→ **What is required**
From the records below, transcribe only the lines running from the one with "exists l : T, u @ \oo --> l]." through the one with "be an open subgroup". Keep both of those end lines.

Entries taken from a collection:
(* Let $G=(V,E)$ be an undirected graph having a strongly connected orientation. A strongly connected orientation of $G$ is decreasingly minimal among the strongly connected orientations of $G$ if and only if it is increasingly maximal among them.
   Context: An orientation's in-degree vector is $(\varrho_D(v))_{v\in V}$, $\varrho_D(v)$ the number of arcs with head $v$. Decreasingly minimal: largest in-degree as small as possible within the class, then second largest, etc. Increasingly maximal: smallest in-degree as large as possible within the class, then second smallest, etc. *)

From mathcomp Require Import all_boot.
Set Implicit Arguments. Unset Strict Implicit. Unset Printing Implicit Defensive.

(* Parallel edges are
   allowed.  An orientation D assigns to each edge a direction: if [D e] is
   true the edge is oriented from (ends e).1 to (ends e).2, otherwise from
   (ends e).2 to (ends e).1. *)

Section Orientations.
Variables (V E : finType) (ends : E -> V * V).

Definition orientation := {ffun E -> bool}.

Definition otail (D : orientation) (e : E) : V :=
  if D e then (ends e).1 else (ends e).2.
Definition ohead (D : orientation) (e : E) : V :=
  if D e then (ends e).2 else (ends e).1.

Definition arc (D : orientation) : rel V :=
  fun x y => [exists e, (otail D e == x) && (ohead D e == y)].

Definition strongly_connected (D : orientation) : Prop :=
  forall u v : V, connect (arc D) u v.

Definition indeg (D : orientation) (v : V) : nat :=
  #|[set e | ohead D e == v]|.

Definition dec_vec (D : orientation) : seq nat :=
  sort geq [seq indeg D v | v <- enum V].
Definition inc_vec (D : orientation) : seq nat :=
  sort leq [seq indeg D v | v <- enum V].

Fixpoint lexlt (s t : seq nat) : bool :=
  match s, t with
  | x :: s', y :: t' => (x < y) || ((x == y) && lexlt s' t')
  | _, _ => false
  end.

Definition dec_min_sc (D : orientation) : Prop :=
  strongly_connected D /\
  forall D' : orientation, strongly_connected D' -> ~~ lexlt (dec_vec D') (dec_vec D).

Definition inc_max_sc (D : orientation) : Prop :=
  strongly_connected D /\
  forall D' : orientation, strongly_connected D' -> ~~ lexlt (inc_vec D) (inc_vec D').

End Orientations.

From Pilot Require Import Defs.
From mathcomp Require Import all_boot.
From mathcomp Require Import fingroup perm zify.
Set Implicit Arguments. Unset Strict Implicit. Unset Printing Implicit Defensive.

...

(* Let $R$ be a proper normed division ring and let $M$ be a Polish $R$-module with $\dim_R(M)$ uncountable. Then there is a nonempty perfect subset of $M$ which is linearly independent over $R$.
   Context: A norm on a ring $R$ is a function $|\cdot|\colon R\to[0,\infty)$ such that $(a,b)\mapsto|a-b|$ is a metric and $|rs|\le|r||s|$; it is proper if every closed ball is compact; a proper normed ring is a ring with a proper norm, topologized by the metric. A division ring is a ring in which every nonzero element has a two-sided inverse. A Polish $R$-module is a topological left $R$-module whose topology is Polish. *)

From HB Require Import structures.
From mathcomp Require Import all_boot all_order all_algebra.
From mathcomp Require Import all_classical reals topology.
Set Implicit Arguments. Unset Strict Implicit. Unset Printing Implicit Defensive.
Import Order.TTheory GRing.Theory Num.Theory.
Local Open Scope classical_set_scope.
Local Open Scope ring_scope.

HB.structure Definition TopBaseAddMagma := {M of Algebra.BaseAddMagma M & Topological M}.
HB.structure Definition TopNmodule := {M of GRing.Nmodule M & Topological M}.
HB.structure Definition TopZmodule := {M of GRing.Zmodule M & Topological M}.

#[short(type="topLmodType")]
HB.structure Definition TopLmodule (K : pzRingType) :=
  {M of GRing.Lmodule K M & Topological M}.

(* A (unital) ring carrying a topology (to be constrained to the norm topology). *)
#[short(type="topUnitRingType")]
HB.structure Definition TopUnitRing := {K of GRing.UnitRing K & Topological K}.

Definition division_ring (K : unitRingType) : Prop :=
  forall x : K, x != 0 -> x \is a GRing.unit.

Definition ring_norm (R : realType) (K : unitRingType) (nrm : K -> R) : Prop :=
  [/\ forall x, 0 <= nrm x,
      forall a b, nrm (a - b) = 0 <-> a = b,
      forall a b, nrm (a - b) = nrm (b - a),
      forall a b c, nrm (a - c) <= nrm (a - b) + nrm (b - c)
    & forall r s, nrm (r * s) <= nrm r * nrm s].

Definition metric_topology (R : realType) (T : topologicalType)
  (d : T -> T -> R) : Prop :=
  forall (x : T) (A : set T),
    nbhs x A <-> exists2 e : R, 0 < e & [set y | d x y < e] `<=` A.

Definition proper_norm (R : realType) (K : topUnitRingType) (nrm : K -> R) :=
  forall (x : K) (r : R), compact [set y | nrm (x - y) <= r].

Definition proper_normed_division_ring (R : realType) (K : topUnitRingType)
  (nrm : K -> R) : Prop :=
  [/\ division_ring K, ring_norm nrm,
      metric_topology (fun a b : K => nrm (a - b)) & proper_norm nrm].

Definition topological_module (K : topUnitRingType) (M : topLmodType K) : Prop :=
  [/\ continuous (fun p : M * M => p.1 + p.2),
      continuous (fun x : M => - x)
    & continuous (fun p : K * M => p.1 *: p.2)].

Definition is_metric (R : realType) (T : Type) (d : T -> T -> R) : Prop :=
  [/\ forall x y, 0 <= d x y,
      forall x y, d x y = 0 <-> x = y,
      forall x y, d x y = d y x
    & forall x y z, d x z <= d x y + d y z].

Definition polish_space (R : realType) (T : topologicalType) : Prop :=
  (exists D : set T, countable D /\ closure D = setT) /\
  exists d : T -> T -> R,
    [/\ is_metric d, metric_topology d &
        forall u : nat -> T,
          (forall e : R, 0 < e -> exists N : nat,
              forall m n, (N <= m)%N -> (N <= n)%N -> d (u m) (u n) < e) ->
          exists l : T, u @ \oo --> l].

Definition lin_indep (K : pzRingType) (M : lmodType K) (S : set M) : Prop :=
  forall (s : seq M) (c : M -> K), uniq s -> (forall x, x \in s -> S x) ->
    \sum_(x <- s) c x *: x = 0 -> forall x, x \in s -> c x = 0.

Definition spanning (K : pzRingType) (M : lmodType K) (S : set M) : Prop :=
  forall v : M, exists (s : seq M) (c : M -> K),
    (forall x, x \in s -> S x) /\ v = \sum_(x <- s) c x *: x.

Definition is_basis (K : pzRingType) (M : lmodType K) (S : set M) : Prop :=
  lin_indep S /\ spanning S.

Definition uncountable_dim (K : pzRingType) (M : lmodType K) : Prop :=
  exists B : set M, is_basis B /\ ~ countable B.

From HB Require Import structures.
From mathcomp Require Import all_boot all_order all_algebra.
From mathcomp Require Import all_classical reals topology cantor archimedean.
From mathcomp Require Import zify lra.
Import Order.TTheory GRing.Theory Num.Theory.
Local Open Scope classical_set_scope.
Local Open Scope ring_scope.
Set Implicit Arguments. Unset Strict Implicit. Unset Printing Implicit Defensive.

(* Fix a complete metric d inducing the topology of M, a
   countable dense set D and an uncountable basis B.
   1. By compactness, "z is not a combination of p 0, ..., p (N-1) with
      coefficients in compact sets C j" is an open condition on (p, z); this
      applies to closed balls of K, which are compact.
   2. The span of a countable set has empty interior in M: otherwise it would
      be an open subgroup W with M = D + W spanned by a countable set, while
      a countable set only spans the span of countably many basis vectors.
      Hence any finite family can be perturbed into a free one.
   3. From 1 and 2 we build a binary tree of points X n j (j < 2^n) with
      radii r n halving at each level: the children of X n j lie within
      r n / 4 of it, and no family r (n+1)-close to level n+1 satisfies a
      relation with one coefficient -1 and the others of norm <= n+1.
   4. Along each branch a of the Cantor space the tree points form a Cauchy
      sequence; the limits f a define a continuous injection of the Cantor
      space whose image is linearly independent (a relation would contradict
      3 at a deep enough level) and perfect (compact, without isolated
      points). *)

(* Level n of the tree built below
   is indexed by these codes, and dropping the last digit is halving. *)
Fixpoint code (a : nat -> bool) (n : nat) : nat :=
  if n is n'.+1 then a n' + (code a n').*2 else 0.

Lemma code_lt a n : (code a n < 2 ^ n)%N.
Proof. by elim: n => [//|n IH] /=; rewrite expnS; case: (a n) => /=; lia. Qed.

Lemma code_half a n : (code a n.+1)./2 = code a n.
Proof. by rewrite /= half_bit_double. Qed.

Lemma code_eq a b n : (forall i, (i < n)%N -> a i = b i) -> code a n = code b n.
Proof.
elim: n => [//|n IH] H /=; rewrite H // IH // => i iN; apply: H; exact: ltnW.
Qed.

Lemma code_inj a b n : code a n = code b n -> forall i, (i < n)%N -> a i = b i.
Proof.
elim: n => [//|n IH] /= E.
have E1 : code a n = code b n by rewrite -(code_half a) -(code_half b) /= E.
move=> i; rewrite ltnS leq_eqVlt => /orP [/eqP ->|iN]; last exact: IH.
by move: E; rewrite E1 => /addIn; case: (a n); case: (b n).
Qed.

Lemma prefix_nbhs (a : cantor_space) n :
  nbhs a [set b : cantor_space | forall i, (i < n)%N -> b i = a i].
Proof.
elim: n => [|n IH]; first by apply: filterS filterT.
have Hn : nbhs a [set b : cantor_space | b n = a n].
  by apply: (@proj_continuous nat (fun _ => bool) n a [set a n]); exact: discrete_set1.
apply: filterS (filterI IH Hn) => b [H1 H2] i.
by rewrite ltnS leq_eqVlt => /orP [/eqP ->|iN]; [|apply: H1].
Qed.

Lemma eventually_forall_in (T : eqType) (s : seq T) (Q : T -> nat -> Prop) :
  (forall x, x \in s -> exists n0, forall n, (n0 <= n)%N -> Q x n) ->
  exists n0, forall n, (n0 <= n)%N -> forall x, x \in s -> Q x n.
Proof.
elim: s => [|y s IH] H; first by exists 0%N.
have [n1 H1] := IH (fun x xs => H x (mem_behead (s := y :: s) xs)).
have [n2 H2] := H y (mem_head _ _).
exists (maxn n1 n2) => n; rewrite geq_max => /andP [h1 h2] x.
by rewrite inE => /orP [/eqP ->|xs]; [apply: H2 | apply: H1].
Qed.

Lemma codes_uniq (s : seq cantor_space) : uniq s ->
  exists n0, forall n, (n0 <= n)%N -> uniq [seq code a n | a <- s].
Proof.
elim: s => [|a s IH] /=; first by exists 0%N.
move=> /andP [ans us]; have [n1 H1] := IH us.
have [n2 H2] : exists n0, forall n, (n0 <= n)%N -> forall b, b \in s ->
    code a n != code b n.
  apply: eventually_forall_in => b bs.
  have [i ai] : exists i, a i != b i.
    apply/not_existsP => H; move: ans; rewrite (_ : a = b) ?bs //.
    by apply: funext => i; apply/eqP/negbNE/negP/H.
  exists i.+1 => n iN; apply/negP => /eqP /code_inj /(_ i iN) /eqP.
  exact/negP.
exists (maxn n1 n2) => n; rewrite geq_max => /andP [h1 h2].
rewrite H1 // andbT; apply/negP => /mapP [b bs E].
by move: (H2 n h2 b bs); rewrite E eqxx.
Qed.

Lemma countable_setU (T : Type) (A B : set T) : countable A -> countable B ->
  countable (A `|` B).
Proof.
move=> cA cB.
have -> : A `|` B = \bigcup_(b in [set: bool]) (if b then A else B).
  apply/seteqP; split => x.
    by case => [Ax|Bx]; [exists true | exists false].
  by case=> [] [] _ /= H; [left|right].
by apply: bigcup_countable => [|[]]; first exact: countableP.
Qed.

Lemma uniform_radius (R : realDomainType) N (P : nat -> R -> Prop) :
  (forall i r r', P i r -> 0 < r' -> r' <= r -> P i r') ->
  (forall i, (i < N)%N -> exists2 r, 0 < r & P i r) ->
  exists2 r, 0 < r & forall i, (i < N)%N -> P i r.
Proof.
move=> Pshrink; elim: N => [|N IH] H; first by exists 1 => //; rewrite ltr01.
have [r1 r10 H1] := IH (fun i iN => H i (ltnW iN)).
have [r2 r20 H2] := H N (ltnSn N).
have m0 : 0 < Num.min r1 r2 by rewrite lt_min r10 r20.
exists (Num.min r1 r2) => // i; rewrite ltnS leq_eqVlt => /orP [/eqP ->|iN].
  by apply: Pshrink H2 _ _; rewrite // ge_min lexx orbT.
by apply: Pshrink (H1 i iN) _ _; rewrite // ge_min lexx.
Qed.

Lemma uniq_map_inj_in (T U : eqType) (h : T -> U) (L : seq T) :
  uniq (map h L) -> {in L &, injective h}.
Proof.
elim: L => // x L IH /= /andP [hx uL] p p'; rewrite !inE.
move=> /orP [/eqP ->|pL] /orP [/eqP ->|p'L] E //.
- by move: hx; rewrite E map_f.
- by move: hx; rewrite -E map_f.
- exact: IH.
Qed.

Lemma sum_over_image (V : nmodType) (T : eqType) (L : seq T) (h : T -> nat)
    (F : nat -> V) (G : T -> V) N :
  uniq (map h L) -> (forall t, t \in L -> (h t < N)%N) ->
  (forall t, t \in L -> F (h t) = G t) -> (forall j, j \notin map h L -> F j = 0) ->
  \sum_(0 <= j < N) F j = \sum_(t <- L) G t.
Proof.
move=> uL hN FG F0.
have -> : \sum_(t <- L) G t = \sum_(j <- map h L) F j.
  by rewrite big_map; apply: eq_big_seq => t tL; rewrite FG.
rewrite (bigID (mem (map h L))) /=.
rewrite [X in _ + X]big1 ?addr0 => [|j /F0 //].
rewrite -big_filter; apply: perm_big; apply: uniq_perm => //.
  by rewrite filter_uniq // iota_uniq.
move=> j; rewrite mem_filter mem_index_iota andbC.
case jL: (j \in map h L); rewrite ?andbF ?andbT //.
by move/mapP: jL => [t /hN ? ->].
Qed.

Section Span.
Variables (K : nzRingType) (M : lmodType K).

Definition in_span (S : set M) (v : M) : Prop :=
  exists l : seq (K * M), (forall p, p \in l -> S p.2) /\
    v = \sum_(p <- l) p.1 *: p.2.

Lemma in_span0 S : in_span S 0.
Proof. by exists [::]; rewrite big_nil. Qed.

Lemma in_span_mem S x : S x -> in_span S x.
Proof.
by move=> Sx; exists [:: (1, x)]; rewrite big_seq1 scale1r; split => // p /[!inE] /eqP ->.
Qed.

→ **Task result**
          exists l : T, u @ \oo --> l].

Definition lin_indep (K : pzRingType) (M : lmodType K) (S : set M) : Prop :=
  forall (s : seq M) (c : M -> K), uniq s -> (forall x, x \in s -> S x) ->
    \sum_(x <- s) c x *: x = 0 -> forall x, x \in s -> c x = 0.

Definition spanning (K : pzRingType) (M : lmodType K) (S : set M) : Prop :=
  forall v : M, exists (s : seq M) (c : M -> K),
    (forall x, x \in s -> S x) /\ v = \sum_(x <- s) c x *: x.

Definition is_basis (K : pzRingType) (M : lmodType K) (S : set M) : Prop :=
  lin_indep S /\ spanning S.

Definition uncountable_dim (K : pzRingType) (M : lmodType K) : Prop :=
  exists B : set M, is_basis B /\ ~ countable B.

From HB Require Import structures.
From mathcomp Require Import all_boot all_order all_algebra.
From mathcomp Require Import all_classical reals topology cantor archimedean.
From mathcomp Require Import zify lra.
Import Order.TTheory GRing.Theory Num.Theory.
Local Open Scope classical_set_scope.
Local Open Scope ring_scope.
Set Implicit Arguments. Unset Strict Implicit. Unset Printing Implicit Defensive.

(* Fix a complete metric d inducing the topology of M, a
   countable dense set D and an uncountable basis B.
   1. By compactness, "z is not a combination of p 0, ..., p (N-1) with
      coefficients in compact sets C j" is an open condition on (p, z); this
      applies to closed balls of K, which are compact.
   2. The span of a countable set has empty interior in M: otherwise it would
      be an open subgroup W with M = D + W spanned by a countable set, while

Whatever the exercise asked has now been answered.